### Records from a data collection
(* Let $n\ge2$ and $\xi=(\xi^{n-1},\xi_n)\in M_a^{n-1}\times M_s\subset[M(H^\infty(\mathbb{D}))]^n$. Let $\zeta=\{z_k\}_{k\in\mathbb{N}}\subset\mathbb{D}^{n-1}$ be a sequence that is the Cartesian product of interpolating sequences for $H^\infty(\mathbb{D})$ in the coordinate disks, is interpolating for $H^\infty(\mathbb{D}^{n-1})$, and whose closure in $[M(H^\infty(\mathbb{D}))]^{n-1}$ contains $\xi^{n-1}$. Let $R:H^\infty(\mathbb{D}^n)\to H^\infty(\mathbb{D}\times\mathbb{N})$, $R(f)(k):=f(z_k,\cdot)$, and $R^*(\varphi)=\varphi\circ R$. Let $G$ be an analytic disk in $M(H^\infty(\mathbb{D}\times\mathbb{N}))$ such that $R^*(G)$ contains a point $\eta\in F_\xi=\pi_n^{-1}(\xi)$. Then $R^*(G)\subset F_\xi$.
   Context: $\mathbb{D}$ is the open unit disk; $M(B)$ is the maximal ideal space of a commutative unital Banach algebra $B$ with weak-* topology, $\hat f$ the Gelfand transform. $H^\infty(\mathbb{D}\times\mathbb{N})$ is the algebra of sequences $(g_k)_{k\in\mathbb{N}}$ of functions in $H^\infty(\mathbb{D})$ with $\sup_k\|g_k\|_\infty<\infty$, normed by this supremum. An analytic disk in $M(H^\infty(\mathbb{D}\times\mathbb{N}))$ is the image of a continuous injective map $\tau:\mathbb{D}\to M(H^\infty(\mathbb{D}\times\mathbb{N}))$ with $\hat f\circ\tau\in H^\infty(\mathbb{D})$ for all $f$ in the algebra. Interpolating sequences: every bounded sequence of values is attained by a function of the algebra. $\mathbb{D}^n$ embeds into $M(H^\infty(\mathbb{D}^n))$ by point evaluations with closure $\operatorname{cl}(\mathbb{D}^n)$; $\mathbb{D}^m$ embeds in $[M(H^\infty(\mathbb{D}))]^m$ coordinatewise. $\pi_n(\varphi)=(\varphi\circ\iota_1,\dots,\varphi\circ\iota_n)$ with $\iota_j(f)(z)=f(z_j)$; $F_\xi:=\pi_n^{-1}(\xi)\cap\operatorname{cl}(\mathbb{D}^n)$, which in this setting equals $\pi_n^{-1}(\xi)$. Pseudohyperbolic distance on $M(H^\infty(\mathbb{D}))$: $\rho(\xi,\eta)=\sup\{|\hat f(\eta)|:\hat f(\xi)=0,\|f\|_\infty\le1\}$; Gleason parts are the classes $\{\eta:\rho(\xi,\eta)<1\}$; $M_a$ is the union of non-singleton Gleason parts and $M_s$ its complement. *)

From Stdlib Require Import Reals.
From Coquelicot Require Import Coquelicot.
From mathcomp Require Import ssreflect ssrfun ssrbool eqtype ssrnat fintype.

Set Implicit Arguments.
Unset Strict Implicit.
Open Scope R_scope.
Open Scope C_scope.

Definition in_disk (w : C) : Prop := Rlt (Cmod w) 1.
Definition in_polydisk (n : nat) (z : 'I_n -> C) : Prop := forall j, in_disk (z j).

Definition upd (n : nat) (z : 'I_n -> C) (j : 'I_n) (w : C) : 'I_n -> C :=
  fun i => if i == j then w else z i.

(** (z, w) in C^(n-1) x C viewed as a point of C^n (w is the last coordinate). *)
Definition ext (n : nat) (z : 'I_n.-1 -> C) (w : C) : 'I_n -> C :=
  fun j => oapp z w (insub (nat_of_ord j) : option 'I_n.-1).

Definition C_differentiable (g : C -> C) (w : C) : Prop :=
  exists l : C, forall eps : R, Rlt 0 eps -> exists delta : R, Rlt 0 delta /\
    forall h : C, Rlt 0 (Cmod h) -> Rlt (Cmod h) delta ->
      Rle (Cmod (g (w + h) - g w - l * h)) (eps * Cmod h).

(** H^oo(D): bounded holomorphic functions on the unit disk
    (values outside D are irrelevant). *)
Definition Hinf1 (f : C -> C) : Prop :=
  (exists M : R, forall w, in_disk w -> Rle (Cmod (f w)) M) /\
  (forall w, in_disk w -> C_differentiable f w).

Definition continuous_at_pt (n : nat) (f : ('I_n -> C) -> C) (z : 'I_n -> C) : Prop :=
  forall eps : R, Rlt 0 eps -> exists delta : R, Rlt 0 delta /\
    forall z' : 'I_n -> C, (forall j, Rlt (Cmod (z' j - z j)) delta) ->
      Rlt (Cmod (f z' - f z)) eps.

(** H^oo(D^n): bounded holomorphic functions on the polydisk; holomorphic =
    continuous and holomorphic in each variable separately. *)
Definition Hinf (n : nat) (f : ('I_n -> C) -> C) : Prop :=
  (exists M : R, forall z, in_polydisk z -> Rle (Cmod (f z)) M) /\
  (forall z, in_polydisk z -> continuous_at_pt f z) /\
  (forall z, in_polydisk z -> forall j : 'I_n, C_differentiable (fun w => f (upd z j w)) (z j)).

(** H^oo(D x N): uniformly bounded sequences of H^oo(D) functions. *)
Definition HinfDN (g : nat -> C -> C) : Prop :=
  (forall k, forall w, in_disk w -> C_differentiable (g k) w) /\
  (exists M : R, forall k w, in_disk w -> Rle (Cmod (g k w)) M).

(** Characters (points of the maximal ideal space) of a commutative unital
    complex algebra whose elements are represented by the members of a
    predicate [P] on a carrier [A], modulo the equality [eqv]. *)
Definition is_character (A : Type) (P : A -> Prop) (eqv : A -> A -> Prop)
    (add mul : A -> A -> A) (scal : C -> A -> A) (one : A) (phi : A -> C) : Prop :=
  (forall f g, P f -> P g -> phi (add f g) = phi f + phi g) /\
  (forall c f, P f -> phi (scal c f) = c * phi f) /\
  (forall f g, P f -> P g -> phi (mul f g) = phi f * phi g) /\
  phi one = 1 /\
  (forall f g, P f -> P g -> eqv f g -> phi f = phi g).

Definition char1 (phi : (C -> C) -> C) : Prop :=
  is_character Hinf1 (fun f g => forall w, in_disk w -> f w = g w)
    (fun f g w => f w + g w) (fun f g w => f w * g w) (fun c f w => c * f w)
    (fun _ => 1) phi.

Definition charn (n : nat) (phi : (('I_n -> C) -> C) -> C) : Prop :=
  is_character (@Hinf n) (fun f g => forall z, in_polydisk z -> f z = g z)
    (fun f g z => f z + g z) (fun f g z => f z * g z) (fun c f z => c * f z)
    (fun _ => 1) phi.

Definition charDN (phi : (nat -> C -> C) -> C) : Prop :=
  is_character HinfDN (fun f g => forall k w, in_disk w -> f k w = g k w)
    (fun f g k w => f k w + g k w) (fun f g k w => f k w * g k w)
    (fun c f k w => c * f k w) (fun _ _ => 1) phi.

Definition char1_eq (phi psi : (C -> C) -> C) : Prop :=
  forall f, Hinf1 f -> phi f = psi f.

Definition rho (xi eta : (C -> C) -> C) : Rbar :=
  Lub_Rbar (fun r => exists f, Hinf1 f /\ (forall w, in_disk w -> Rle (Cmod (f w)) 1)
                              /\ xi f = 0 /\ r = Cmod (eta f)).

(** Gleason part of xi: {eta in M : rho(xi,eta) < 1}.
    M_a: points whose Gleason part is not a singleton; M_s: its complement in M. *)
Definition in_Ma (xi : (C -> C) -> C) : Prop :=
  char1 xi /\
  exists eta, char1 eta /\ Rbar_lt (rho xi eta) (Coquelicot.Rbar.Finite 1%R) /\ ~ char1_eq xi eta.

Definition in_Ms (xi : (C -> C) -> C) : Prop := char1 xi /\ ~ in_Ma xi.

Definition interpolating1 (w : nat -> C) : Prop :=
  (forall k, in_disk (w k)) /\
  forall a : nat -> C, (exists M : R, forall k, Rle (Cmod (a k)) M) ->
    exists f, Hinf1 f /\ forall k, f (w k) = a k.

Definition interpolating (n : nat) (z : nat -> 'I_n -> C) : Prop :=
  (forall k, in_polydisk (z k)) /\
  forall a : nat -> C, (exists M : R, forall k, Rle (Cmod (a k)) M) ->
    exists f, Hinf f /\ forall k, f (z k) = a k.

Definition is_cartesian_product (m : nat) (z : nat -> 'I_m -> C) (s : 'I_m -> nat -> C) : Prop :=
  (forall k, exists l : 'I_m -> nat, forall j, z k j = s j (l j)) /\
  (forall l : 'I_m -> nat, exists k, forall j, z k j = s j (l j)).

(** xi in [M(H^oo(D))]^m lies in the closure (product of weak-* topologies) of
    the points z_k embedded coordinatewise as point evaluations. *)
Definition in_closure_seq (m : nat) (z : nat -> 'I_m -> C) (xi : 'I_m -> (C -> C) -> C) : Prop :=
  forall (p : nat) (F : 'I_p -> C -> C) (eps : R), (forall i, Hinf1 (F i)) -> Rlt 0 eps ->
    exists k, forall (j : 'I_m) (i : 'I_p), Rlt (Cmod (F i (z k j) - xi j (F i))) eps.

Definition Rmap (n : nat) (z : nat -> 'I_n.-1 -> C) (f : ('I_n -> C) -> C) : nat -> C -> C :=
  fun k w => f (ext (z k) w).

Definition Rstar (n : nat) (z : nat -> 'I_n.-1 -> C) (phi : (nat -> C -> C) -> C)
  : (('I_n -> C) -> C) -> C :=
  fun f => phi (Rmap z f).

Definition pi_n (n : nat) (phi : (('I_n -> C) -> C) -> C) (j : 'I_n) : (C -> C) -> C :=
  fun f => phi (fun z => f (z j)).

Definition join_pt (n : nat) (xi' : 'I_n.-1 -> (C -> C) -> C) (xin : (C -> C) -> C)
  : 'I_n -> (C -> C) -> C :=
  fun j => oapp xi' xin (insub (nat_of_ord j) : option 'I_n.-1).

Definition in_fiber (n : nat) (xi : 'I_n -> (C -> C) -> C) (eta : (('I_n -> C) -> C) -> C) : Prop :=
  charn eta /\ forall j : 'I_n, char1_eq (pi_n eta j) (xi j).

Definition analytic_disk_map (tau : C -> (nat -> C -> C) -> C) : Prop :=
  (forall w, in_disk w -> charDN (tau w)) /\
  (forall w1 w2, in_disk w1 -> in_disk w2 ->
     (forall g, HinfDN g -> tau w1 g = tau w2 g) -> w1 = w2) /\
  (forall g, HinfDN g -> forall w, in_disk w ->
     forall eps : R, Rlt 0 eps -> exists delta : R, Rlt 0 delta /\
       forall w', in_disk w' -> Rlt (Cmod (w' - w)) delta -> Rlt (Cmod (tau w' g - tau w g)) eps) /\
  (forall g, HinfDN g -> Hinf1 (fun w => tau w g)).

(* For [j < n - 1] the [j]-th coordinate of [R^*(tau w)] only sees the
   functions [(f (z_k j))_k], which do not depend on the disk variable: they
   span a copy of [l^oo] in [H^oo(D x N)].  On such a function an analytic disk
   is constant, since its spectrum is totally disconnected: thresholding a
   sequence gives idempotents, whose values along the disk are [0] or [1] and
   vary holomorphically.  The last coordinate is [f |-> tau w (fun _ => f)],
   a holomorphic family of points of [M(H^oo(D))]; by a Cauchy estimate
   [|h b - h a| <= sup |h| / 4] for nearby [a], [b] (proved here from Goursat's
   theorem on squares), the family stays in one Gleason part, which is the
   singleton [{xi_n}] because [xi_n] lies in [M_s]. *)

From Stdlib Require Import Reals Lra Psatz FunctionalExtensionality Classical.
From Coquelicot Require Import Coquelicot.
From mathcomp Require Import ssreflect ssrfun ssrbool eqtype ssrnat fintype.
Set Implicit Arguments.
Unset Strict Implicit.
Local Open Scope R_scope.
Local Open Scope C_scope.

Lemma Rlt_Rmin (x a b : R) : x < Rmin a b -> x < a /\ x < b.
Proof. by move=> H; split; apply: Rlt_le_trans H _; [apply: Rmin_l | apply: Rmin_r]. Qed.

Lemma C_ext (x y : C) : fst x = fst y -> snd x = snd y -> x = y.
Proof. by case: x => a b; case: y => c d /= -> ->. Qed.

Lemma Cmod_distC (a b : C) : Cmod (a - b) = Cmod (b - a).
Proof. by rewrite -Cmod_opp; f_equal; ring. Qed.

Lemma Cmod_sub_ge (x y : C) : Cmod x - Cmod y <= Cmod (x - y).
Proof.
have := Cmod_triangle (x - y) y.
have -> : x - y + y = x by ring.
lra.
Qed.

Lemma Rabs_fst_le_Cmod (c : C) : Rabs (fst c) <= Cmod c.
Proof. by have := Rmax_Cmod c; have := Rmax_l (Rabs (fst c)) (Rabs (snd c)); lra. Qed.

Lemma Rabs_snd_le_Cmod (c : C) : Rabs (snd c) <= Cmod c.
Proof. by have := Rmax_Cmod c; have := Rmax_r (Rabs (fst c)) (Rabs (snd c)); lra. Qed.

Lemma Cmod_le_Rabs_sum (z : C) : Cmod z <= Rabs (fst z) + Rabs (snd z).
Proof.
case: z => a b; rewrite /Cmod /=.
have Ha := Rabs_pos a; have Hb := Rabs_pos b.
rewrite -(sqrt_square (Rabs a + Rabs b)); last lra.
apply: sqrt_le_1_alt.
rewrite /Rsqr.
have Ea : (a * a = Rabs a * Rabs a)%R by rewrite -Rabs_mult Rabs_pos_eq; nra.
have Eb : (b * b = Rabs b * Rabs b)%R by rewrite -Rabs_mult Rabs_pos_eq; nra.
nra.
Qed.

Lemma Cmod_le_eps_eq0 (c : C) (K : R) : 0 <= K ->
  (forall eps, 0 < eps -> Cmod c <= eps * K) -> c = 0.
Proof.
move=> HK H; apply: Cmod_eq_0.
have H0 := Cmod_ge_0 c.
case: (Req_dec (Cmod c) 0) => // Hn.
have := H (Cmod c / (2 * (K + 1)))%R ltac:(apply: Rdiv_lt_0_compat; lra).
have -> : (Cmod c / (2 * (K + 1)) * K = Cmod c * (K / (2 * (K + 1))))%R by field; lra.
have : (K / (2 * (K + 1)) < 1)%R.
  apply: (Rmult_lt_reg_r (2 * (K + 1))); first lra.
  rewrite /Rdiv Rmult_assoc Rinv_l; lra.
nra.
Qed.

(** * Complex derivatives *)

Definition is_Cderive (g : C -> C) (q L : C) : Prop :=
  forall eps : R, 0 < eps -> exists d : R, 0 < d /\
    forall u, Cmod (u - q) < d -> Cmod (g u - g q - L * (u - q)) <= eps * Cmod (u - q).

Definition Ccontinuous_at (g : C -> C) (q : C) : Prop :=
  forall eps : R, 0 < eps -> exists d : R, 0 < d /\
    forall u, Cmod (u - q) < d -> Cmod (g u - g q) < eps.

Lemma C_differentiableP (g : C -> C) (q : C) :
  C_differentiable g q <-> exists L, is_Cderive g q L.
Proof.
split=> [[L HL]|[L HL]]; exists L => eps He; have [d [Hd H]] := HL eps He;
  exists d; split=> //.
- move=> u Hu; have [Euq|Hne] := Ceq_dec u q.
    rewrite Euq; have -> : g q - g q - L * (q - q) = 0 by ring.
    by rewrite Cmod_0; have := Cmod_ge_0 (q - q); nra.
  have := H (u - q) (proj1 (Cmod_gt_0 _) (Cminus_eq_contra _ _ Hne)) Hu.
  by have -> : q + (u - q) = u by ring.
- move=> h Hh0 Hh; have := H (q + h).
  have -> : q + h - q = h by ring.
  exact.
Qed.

### Problem details
Begin at the line above that has "(forall g, HinfDN g -> tau" and stop after the line that has "(* For [j < n", copying each line exactly and adding nothing else.

### Final answer
     (forall g, HinfDN g -> tau w1 g = tau w2 g) -> w1 = w2) /\
  (forall g, HinfDN g -> forall w, in_disk w ->
     forall eps : R, Rlt 0 eps -> exists delta : R, Rlt 0 delta /\
       forall w', in_disk w' -> Rlt (Cmod (w' - w)) delta -> Rlt (Cmod (tau w' g - tau w g)) eps) /\
  (forall g, HinfDN g -> Hinf1 (fun w => tau w g)).

(* For [j < n - 1] the [j]-th coordinate of [R^*(tau w)] only sees the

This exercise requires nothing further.